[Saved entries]

════════════════

Lemma is_derive_p11_primitive (s y : R) : 0 < s -> 0 < y < 1 ->
  is_derive (p11_primitive s) y (Rpower y s / (1 - y)).
Proof.
  intros Hs Hy.
  assert (Hr : Rbar_lt (Rabs y) (CV_radius (p11_coef s)))
    by (rewrite CV_radius_p11_coef, Rabs_pos_eq by lra; simpl; lra).
  assert (H := is_derive_Rpower_mul_PSeries s y _ (proj1 Hy) Hr).
  rewrite (PSeries_ext _ (fun _ => 1)) in H.
  2:{ intros n. unfold p11_coef. pose proof (pos_INR n). field. lra. }
  unfold PSeries in H. rewrite (Series_ext _ (fun k => y ^ k)), Series_geom in H.
  - exact H.
  - rewrite Rabs_pos_eq; lra.
  - intros k. ring.
Qed.

Lemma is_derive_p21_primitive (s y : R) : 0 < s -> 0 < y < 1 ->
  is_derive (p21_primitive s) y (Rpower y s * Rpower (1 - y) (- s - 1)).
Proof.
  intros Hs Hy.
  assert (Hr : Rbar_lt (Rabs y) (CV_radius (p21_coef s)))
    by (rewrite CV_radius_p21_coef, Rabs_pos_eq by lra; simpl; lra).
  assert (H := is_derive_Rpower_mul_PSeries s y _ (proj1 Hy) Hr).
  rewrite (PSeries_ext _ (neg_binom_coef (s + 1))), PSeries_neg_binom_coef in H.
  - replace (- s - 1) with (- (s + 1)) by ring. exact H.
  - lra.
  - rewrite Rabs_pos_eq; lra.
  - intros n. unfold p21_coef. pose proof (pos_INR n). field. lra.
Qed.

Lemma is_RInt_p11_integrand (s b : R) : 0 < s -> 0 < b < 1 ->
  is_RInt (fun y => Rpower y s / (1 - y)) 0 b (p11_primitive s b).
Proof.
  intros Hs Hb. apply (is_RInt_0_of_primitive _ _ b 1 Hb).
  - intros y Hy. apply (ex_derive_continuous (fun y => Rpower y s / (1 - y))).
    unfold Rpower. auto_derive. lra.
  - apply Rpower_mul_at_0_right; [exact Hs|].
    apply (ex_derive_continuous (fun y => / (1 - y))). auto_derive. lra.
  - intros y Hy. apply is_derive_p11_primitive; assumption.
  - apply Rpower_mul_PSeries_at_0_right; [lra|].
    rewrite CV_radius_p11_coef by exact Hs. simpl. lra.
Qed.

Lemma is_RInt_p21_integrand (s b : R) : 0 < s -> 0 < b < 1 ->
  is_RInt (fun y => Rpower y s * Rpower (1 - y) (- s - 1)) 0 b (p21_primitive s b).
Proof.
  intros Hs Hb. apply (is_RInt_0_of_primitive _ _ b 1 Hb).
  - intros y Hy. apply (ex_derive_continuous (fun y => Rpower y s * Rpower (1 - y) (- s - 1))).
    unfold Rpower. auto_derive. lra.
  - apply Rpower_mul_at_0_right; [exact Hs|].
    apply (ex_derive_continuous (fun y => Rpower (1 - y) (- s - 1))).
    unfold Rpower. auto_derive. lra.
  - intros y Hy. apply is_derive_p21_primitive; assumption.
  - apply Rpower_mul_PSeries_at_0_right; [lra|].
    rewrite CV_radius_p21_coef by exact Hs. simpl. lra.
Qed.

Lemma is_series_p11 (s b : R) : 0 < s -> 0 < b < 1 ->
  is_series (fun k => b ^ (k + 1) / (s + INR k + 1)) (Rpower b (- s) * p11_primitive s b).
Proof.
  intros Hs Hb.
  replace (Rpower b (- s) * p11_primitive s b) with (b * PSeries (p11_coef s) b).
  2:{ unfold p11_primitive. rewrite <- Rmult_assoc, <- Rpower_plus.
      replace (- s + (s + 1)) with 1 by ring. rewrite Rpower_1 by lra. reflexivity. }
  apply (is_series_ext (fun k => b * (p11_coef s k * b ^ k))).
  - intros k. unfold p11_coef. rewrite pow_add. pose proof (pos_INR k). simpl. field. lra.
  - apply (is_series_scal_l (V := R_NormedModule)), is_series_PSeries.
    rewrite CV_radius_p11_coef, Rabs_pos_eq by lra. simpl. lra.
Qed.
(* Let $M, K \ge 1$ be integers, let $(\mathcal{U}, (\cdot,\cdot)_{\mathcal{U}})$ be a real Hilbert space with norm $\|\cdot\|_{\mathcal{U}}$, and let $\mathcal{P} \subset \mathbb{R}^{p}$ be a compact set of hyper-parameters. For every $\theta \in \mathcal{P}$ let $a_\theta : \mathcal{U}\times\mathcal{U} \to \mathbb{R}$ be a bounded, coercive bilinear form and $b_\theta : \mathbb{R}^M \times \mathcal{U} \to \mathbb{R}$ a non-trivial (not identically zero) bounded bilinear form, and for $m \in \mathbb{R}^M$ let $u_\theta(m) \in \mathcal{U}$ be the unique solution of $a_\theta(u_\theta(m), \psi) = b_\theta(m,\psi)$ for all $\psi \in \mathcal{U}$. Let $\Sigma_0 \in \mathbb{R}^{M\times M}$ be symmetric positive definite, with $\|m\|_{\Sigma_0^{-1}}^2 := m^T \Sigma_0^{-1} m$, and let $C_{\Sigma_0^{-1}} := \sup_{m \ne 0} \|m\|_2/\|m\|_{\Sigma_0^{-1}}$, where $\|\cdot\|_2$ is the Euclidean norm. Let $L = (l_1,\dots,l_K)^T : \mathcal{U} \to \mathbb{R}^K$ with each $l_k$ a bounded linear functional on $\mathcal{U}$, let $\Sigma_L \in \mathbb{R}^{K\times K}$ be symmetric positive definite with $\|d\|_{\Sigma_L^{-1}}^2 := d^T\Sigma_L^{-1} d$, and let $\sigma > 0$. Fix $\theta \in \mathcal{P}$. Let $G_{\theta,L} \in \mathbb{R}^{K \times M}$ be the matrix of the linear map $m \mapsto L u_\theta(m)$, and define the posterior covariance $$\Sigma_{\mathrm{post}}^{\theta,L} := \Big(\tfrac{1}{\sigma^2} G_{\theta,L}^T \Sigma_L^{-1} G_{\theta,L} + \Sigma_0^{-1}\Big)^{-1}.$$ Let $X_\theta := \{m \in \mathbb{R}^M : u_\theta(m) = 0\}$, let $X_\theta^\perp$ be its orthogonal complement in the Euclidean inner product, and let $\Pi$ be the Euclidean orthogonal projection onto $X_\theta^\perp$. Define $$\eta_{\inf} := \inf_{0\neq m \in X_\theta^\perp} \frac{\|u_\theta(m)\|_{\mathcal{U}}}{\|m\|_{\Sigma_0^{-1}}}, \qquad \beta_{\theta,L} := \inf\{\|L u_\theta(m)\|_{\Sigma_L^{-1}} : m \in \mathbb{R}^M,\ \|u_\theta(m)\|_{\mathcal{U}} = 1\}.$$ Let $0 < \lambda_1 \le \dots \le \lambda_M$ be the eigenvalues of $\Sigma_{\mathrm{post}}^{\theta,L}$ (with multiplicity) and $(m_{\lambda_i})_{i=1}^M$ a Euclidean-orthonormal basis of $\mathbb{R}^M$ with $\Sigma_{\mathrm{post}}^{\theta,L} m_{\lambda_i} = \lambda_i m_{\lambda_i}$. Then for each $i = 1,\dots,M$, $$\lambda_i \le \frac{C_{\Sigma_0^{-1}}^2}{\frac{1}{\sigma^2}\beta_{\theta,L}^2\, \eta_{\inf}^2\, \|\Pi m_{\lambda_i}\|_2^2 + 1},$$ and consequently $$\operatorname{trace}(\Sigma_{\mathrm{post}}^{\theta,L}) \le C_{\Sigma_0^{-1}}^2 \sum_{i=1}^M \Big(\tfrac{1}{\sigma^2}\beta_{\theta,L}^2\, \eta_{\inf}^2\, \|\Pi m_{\lambda_i}\|_2^2 + 1\Big)^{-1}.$$
   Context: This is the setting of a hyper-parameterized linear Bayesian inverse problem: prior $\mathcal{N}(m_0,\Sigma_0)$ on the parameter $m\in\mathbb{R}^M$, data $d = L u_\theta(m) + \eta$ with noise $\eta \sim \mathcal{N}(0,\sigma^2\Sigma_L)$; $\Sigma_{\mathrm{post}}^{\theta,L}$ is the covariance of the resulting Gaussian posterior. $\beta_{\theta,L}$ is called the observability coefficient. Since $b_\theta$ is non-trivial, $X_\theta^\perp \ne \{0\}$ and $\eta_{\inf} > 0$. *)

From HB Require Import structures.
From mathcomp Require Import all_boot all_order all_algebra.
From mathcomp Require Import all_classical all_reals all_analysis.
Set Implicit Arguments. Unset Strict Implicit. Unset Printing Implicit Defensive.
Import Order.TTheory GRing.Theory Num.Theory.
Import numFieldNormedType.Exports.
Local Open Scope ring_scope.
Local Open Scope classical_set_scope.
(* Let $\mathcal{C}$ be a Conway category and let $\mathbf{Q}$ be a finite automaton such that the identity $\Gamma(\mathbf{Q})$ holds in $\mathcal{C}$. Then for every extension $\mathbf{Q}'$ of $\mathbf{Q}$, the identity $\Gamma(\mathbf{Q}')$ holds in $\mathcal{C}$.
   Context: Cartesian categories have chosen finite products (terminal object $T$, projections $\pi_i$, tupling $\langle\cdot\rangle$, $!_A:A\to T$, $f\times g$), strictly associative; composition is written $g\circ f$; $\Delta_{A^n}=\langle 1_A,\ldots,1_A\rangle:A\to A^n$. A dagger operation maps $f:A\times C\to A$ to $f^\dagger:C\to A$. A Conway category is a cartesian category with dagger satisfying: $(f\circ(1_A\times g))^\dagger=f^\dagger\circ g$ ($f:A\times B\to A$, $g:C\to B$); $f^{\dagger\dagger}=(f\circ(\Delta_{A^2}\times 1_C))^\dagger$ ($f:A\times A\times C\to A$); $(f\circ\langle g,\pi_2^{A\times C}\rangle)^\dagger=f\circ\langle (g\circ\langle f,\pi_2^{B\times C}\rangle)^\dagger,1_C\rangle$ ($f:B\times C\to A$, $g:A\times C\to B$). A finite automaton $\mathbf{Q}=(Q,Z,\cdot)$ has finite nonempty state set $Q$, finite nonempty input alphabet $Z$ and action $Q\times Z\to Q$, extended to words; $u^{\mathbf{Q}}:Q\to Q$ denotes $q\mapsto qu$. An automaton $\mathbf{Q}'=(Q,Z',\cdot)$ with the same state set is an extension of $\mathbf{Q}$ if $Z\subseteq Z'$, $a^{\mathbf{Q}'}=a^{\mathbf{Q}}$ for all $a\in Z$, and for each $b\in Z'\setminus Z$ there is a word $u\in Z^*$ with $b^{\mathbf{Q}'}=u^{\mathbf{Q}}$. Write $Q=\{q_1,\ldots,q_n\}$, identified with $\{1,\ldots,n\}$, and $Z=\{a_1,\ldots,a_m\}$. For an object $A$ and $i\in[n]$ let $\rho_i^{\mathbf{Q},A}=\langle\pi^{A^n}_{ia_1},\ldots,\pi^{A^n}_{ia_m}\rangle:A^n\to A^m$ ($ia_j$ is the index of $q_i\cdot a_j$). For $f:A^m\times C\to A$ let $f^{\mathbf{Q},A}:A^n\times C\to A^n$ have components $\pi_i^{A^n}\circ f^{\mathbf{Q},A}=f\circ(\rho_i^{\mathbf{Q},A}\times 1_C)$. The identity $\Gamma(\mathbf{Q})$ holds in $\mathcal{C}$ if $(f^{\mathbf{Q},A})^\dagger=\Delta_{A^n}\circ(f\circ(\Delta_{A^m}\times 1_C))^\dagger$ for all objects $A,C$ and all $f:A^m\times C\to A$. *)

From mathcomp Require Import ssreflect ssrfun ssrbool eqtype ssrnat seq fintype.
Set Implicit Arguments. Unset Strict Implicit. Unset Printing Implicit Defensive.

Record catops := CatOps {
  Ob : Type;
  Hom : Ob -> Ob -> Type;
  comp : forall A B C : Ob, Hom B C -> Hom A B -> Hom A C;  (* comp g f = g o f *)
  idm : forall A : Ob, Hom A A;
  Tm : Ob;
  prod : Ob -> Ob -> Ob;
  pi1 : forall A B : Ob, Hom (prod A B) A;
  pi2 : forall A B : Ob, Hom (prod A B) B;
  pair : forall C A B : Ob, Hom C A -> Hom C B -> Hom C (prod A B);
  bang : forall A : Ob, Hom A Tm;
  dagger : forall A C : Ob, Hom (prod A C) A -> Hom C A
}.

Arguments comp {c A B C} : rename. Arguments idm {c} : rename. Arguments Tm {c} : rename.
Arguments prod {c} : rename.
Arguments pi1 {c A B} : rename. Arguments pi2 {c A B} : rename. Arguments pair {c C A B} : rename.
Arguments bang {c} : rename. Arguments dagger {c A C} : rename.

Section Ops.
Variable K : catops.

Definition pmor (A B A' B' : Ob K) (f : Hom A A') (g : Hom B B') :
  Hom (prod A B) (prod A' B') := pair (comp f pi1) (comp g pi2).

Definition cartesian : Prop :=
  [/\ ((forall (A B C D : Ob K) (h : Hom C D) (g : Hom B C) (f : Hom A B),
         comp h (comp g f) = comp (comp h g) f) /\
      (forall (A B : Ob K) (f : Hom A B), comp (idm B) f = f)),
      (forall (A B : Ob K) (f : Hom A B), comp f (idm A) = f),
      (forall (C A B : Ob K) (f : Hom C A) (g : Hom C B),
         comp pi1 (pair f g) = f /\ comp pi2 (pair f g) = g),
      (forall (C A B : Ob K) (h : Hom C (prod A B)), pair (comp pi1 h) (comp pi2 h) = h)
    & (forall (A : Ob K) (f : Hom A Tm), f = bang A)].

════════════════

_YOUR OBJECTIVE_
Copy, without any change, the lines above from the one containing "comp f (idm" to the end, both ends included. Add nothing else.

_COMPLETED TASK_
      (forall (A B : Ob K) (f : Hom A B), comp f (idm A) = f),
      (forall (C A B : Ob K) (f : Hom C A) (g : Hom C B),
         comp pi1 (pair f g) = f /\ comp pi2 (pair f g) = g),
      (forall (C A B : Ob K) (h : Hom C (prod A B)), pair (comp pi1 h) (comp pi2 h) = h)
    & (forall (A : Ob K) (f : Hom A Tm), f = bang A)].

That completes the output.